Gluten-Free Adaptation
This classic Italian bean soup can be easily adapted for gluten-free diets without sacrificing authenticity. Simply substitute the traditional pasta with gluten-free pasta shapes, adding them in the final 7-8 minutes of cooking (as gluten-free pasta often cooks more quickly). Alternatively, replace the pasta entirely with an additional can of beans or 1 cup of diced potatoes added with the broth for a different but equally satisfying texture in your Pasta e Fagioli.
Storage and Serving
Store leftover Pasta e Fagioli in an airtight container in the refrigerator for up to 4 days. Note that the pasta will continue to absorb liquid as it sits, so your soup will thicken considerably. When reheating, add a splash of broth or water to reach your desired consistency, then warm gently on the stovetop or in the microwave until heated through. For longer storage, freeze portions without pasta for up to 3 months, adding freshly cooked pasta when reheating for the best texture.
Serve this rustic Italian soup as a complete meal with a simple arugula salad dressed with lemon juice and olive oil for a refreshing contrast to the hearty soup. For a traditional Italian dinner experience, offer Pasta e Fagioli as a primo (first course) followed by a simple protein like grilled fish or chicken. My favorite serving suggestion is to accompany the soup with thick slices of garlic-rubbed, toasted ciabatta bread for dipping into the flavorful broth—this transforms an already delicious soup into an unforgettable meal that celebrates the best of Italian comfort food.
FAQs
Can I use dried beans instead of canned?
Absolutely! Soak 1½ cups of dried cannellini beans overnight, then drain and cook them in fresh water until tender (about 1-1.5 hours) before adding to the Pasta e Fagioli. This method requires more time but delivers superior flavor and texture.
Why is my soup too thick/thin?
Thickness varies based on pasta absorption. For thicker soup, mash more beans or simmer longer uncovered.
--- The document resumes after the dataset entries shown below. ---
From HB Require Import structures.
From mathcomp Require Import all_boot all_order all_algebra.
From mathcomp Require Import all_classical all_reals all_analysis.
From mathcomp Require Import zify.
Import Order.TTheory GRing.Theory Num.Theory.
Local Open Scope classical_set_scope.
Local Open Scope ring_scope.
Set Implicit Arguments. Unset Strict Implicit.

(* A word s over the alphabet 'I_k acts on X by [walk sigma s] (first the
   letter s_1, then s_2, ...) and carries the path sum
     pathsum phi s x = phi_{s_1} x + phi_{s_2} (sigma_{s_1} x) + ... .
   The element (x, p - q, y) of G is described by the words [word p], [word q]
   listing each letter j exactly p_j (resp. q_j) times.
   1. (Words, PathSums) As the sigma_i commute, [walk sigma s] only depends on
      the letter counts of s.  Condition (1) on phi says exactly that the skew
      products (x, h) |-> (sigma_i x, h + phi_i x) on X * H commute, so
      [pathsum phi s] also only depends on the letter counts.
   2. (CocycleFormula) A cocycle c satisfies
      c (x, deg s, walk s x) = pathsum (c o gen) s x, hence
      c g = pathsum s (r g) - pathsum t (s g) whenever (s, t) describes g:
      c is determined by its values on the generators, and these satisfy (1).
   3. (Construction) Conversely, under (1) this formula, evaluated at any
      describing words, is well defined by 1 and is a cocycle extending phi.
   4. (Continuity) As the sigma_i are continuous and open, the formula of 3 is
      continuous on basic open sets; and c o gen is continuous whenever c is.
   The proposition follows; for coboundaries, uniqueness (2) identifies c with
   the cocycle g |-> psi (r g) - psi (s g). *)

Definition commuting (X : Type) k (sigma : 'I_k -> X -> X) : Prop :=
  forall i j, sigma i \o sigma j = sigma j \o sigma i.

Definition compatible (X : Type) (H : zmodType) k (sigma : 'I_k -> X -> X)
  (phi : 'I_k -> X -> H) : Prop :=
  forall i j x, phi i x + phi j (sigma i x) = phi j x + phi i (sigma j x).

Section Words.
Variables (X : Type) (k : nat) (sigma : 'I_k -> X -> X).

Fixpoint walk (s : seq 'I_k) (x : X) : X :=
  if s is i :: t then walk t (sigma i x) else x.

Definition wdeg (s : seq 'I_k) : Zk k := [ffun j => (count_mem j s)%:Z].

Definition word (p : 'I_k -> nat) : seq 'I_k :=
  foldr (fun j acc => acc ++ nseq (p j) j) [::] (enum 'I_k).

Lemma walk_cat s t x : walk (s ++ t) x = walk t (walk s x).
Proof. by elim: s x => //= i s IH x. Qed.

Lemma walk_word p x : walk (word p) x = sigma_pow sigma p x.
Proof.
have walk_nseq n j y : walk (nseq n j) y = iter n (sigma j) y.
  by elim: n y => //= n IH y; rewrite IH -iterSr.
rewrite /word /sigma_pow; elim: (enum 'I_k) x => //= j r IH x.
by rewrite walk_cat IH walk_nseq.
Qed.

Lemma sigma_pow_word p : sigma_pow sigma p = walk (word p).
Proof. by apply: funext => x; rewrite walk_word. Qed.

Lemma count_word p j : count_mem j (word p) = p j.
Proof.
suff count_r r : uniq r ->
    count_mem j (foldr (fun j acc => acc ++ nseq (p j) j) [::] r)
    = if j \in r then p j else 0%N.
  by rewrite /word count_r ?enum_uniq ?mem_enum.
elim: r => //= i r IH /andP[ir ur].
rewrite count_cat IH // count_nseq in_cons.
case: (eqVneq j i) => [->|ji] /=; first by rewrite eqxx (negbTE ir) mul1n.
by rewrite eq_sym (negbTE ji) mul0n addn0.
Qed.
For thinner Pasta e Fagioli, add additional broth or cook the pasta separately and add it to individual servings.
Can I make this in a slow cooker?
Yes! Sauté the vegetables first, then transfer to a slow cooker with all ingredients except pasta. Cook on low for 6-8 hours, add the pasta during the final 30 minutes, and adjust seasoning before serving your slow-cooked Pasta e Fagioli.
Is Pasta e Fagioli supposed to be soup-like or stew-like?
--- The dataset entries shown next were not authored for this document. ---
(* Let $d$ be a positive integer, $M\subseteq\mathbb Z_{>0}$ a finite set, and $Q$ a non-empty finite set of primes such that the elements of $M\cup Q$ are pairwise coprime, $M\cap Q=\emptyset$, and $\min(Q)>d$. Let $b_m\in\mathbb Z$ for $m\in M$ and $c_{q,i}\in\mathbb Z$ for $q\in Q$, $1\le i\le d$. Consider the system $\mathcal S$ of simultaneous congruences and non-congruences in the unknown $x$: $x\equiv b_m \pmod m$ for all $m\in M$, and $x\not\equiv c_{q,i}\pmod q$ for all $q\in Q$ and $1\le i\le d$. Then for every $k\in\mathbb Z$, $\mathcal S$ has a solution in the interval $\{k,k+1,\dots,k+\prod M\cdot E(Q,d)\}$, where $$E(Q,d)=\big((d+1)\cdot|Q|\big)^{4(d+1)^2(3+\ln\ln(|Q|+1))}.$$
   Context: $\prod M$ denotes the product of all elements of $M$ (equal to $1$ if $M=\emptyset$); $|Q|$ is the cardinality of $Q$. *)

From Stdlib Require Import ZArith Znumtheory Reals List.
Open Scope R_scope.

Definition prodZ (M : list Z) : Z := fold_right Z.mul 1%Z M.

Definition E_bound (cardQ d : nat) : R :=
  Rpower (INR ((d + 1) * cardQ))
         (4 * (INR (d + 1)) ^ 2 * (3 + ln (ln (INR cardQ + 1)))).

From Stdlib Require Import ZArith Znumtheory Reals List Lia Lra Psatz Bool.

(* Let [P = prod M] and let [x1] solve the congruences (Chinese remainder
   theorem); every solution has the form [x1 + P t].  Since [P] is invertible
   modulo each [q], the non-congruences exclude at most [d] residues of [t]
   modulo [q].  Inclusion-exclusion truncated at an even level [L] bounds the
   number of admissible [t] in [[0, N)] from below (Bonferroni); by periodicity
   and the Chinese remainder theorem its error is at most [((d+1) |Q|)^L],
   independently of [N], while its main term is at least [N exp (-K) / 2] with
   [K = (d+1) d sum_q 1/q].  Chebyshev's bound [binom (2Y) Y <= 4^Y], applied
   to dyadic blocks of [Q], gives [sum_q 1/q <= 6 + 2 ln ln (|Q|+1)], and the
   resulting window length is at most [E(Q,d)]. *)

Open Scope R_scope.

(** * Sums over integer windows and periodic functions *)

Fixpoint sumN (f : nat -> R) (n : nat) : R :=
  match n with O => 0 | S n => sumN f n + f n end.

Lemma sumN_ext f g n : (forall i, (i < n)%nat -> f i = g i) -> sumN f n = sumN g n.
Proof.
  induction n as [|n IH]; simpl; intros H; auto.
  rewrite IH by (intros; apply H; lia). now rewrite H by lia.
Qed.

Lemma sumN_plus f g n : sumN (fun i => f i + g i) n = sumN f n + sumN g n.
Proof. induction n; simpl; lra. Qed.

Lemma sumN_minus f g n : sumN (fun i => f i - g i) n = sumN f n - sumN g n.
Proof. induction n; simpl; lra. Qed.

Lemma sumN_scal c f n : sumN (fun i => c * f i) n = c * sumN f n.
Proof. induction n as [|n IH]; simpl; [|rewrite IH]; lra. Qed.

Lemma sumN_const c n : sumN (fun _ => c) n = INR n * c.
Proof. induction n as [|n IH]; simpl sumN; [simpl|rewrite IH, S_INR]; lra. Qed.

Lemma sumN_le f g n : (forall i, (i < n)%nat -> f i <= g i) -> sumN f n <= sumN g n.
Proof.
  induction n as [|n IH]; simpl; intros H; [lra|].
  pose proof (H n ltac:(lia)). pose proof (IH ltac:(intros; apply H; lia)). lra.
Qed.

Lemma sumN_nonneg f n : (forall i, (i < n)%nat -> 0 <= f i) -> 0 <= sumN f n.
Proof.
  intros H. replace 0 with (sumN (fun _ => 0) n) by (rewrite sumN_const; lra).
  now apply sumN_le.
Qed.

Lemma sumN_add f a b : sumN f (a + b) = sumN f a + sumN (fun i => f (a + i)%nat) b.
Proof.
  induction b as [|b IH]; simpl; [rewrite Nat.add_0_r; lra|].
  rewrite Nat.add_succ_r; simpl; rewrite IH; lra.
Qed.

Lemma sumN_swap (h : nat -> nat -> R) A B :
  sumN (fun j => sumN (fun s => h j s) B) A = sumN (fun s => sumN (fun j => h j s) A) B.
Proof.
  induction A as [|A IH]; simpl; [rewrite sumN_const; lra|].
  now rewrite IH, <- sumN_plus.
Qed.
Regional variations exist—northern Italian versions tend to be brothier while southern interpretations are thicker. Authentic Pasta e Fagioli generally falls somewhere between soup and stew, with enough liquid to be eaten with a spoon but thick enough to hold the ingredients together.
What’s the difference between Pasta e Fagioli and Minestrone?
While both are Italian soups with pasta and vegetables, Pasta e Fagioli specifically focuses on pasta and beans as the stars, with fewer vegetable varieties. Minestrone typically contains a wider assortment of seasonal vegetables and sometimes has less pasta.
Pasta e Fagioli Recipe
- Prep Time: 15 minutes
- Cook Time: 35 minutes
- Total Time: 50 minutes
- Yield: 6 servings 1x
- Category: Dinner
- Method: simmering
- Cuisine: Americaine
Description
Pasta e Fagioli Recipe: Hearty soup with pasta, beans, and veggies. Quick, comforting, and perfect for pleasing a crowd.
Ingredients
- 2 tablespoons (30ml) olive oil, plus extra for drizzling
- 1 medium onion, finely diced (about 1 cup)
- 2 medium carrots, diced (about ¾ cup)
- 2 celery stalks, diced (about ¾ cup)
- 4 garlic cloves, minced (about 1 tablespoon)
- 1 tablespoon tomato paste
- 1 teaspoon dried oregano
- ½ teaspoon dried thyme
- ¼ teaspoon red pepper flakes (optional)
- 1 can (14.5 oz/411g) diced tomatoes
- 2 cans (15 oz/425g each) cannellini beans, drained and rinsed
- 6 cups (1.4L) low-sodium chicken or vegetable broth
- 1 Parmesan rind (optional but recommended)
- 8 oz (225g) ditalini pasta (or other small pasta shape)
- 2 tablespoons fresh parsley, chopped
- Salt and freshly ground black pepper, to taste
- Freshly grated Parmesan cheese, for serving
Instructions
- Step 1: Build the Flavor Base Heat the olive oil in a large Dutch oven or heavy-bottomed pot over medium heat. Add the diced onions, carrots, and celery, and cook for 8-10 minutes, stirring occasionally, until the vegetables have softened and the onions are translucent. This soffritto base is crucial for developing the foundational flavors of your Pasta e Fagioli. Add the minced garlic and cook for another 30 seconds until fragrant, being careful not to let it brown or burn.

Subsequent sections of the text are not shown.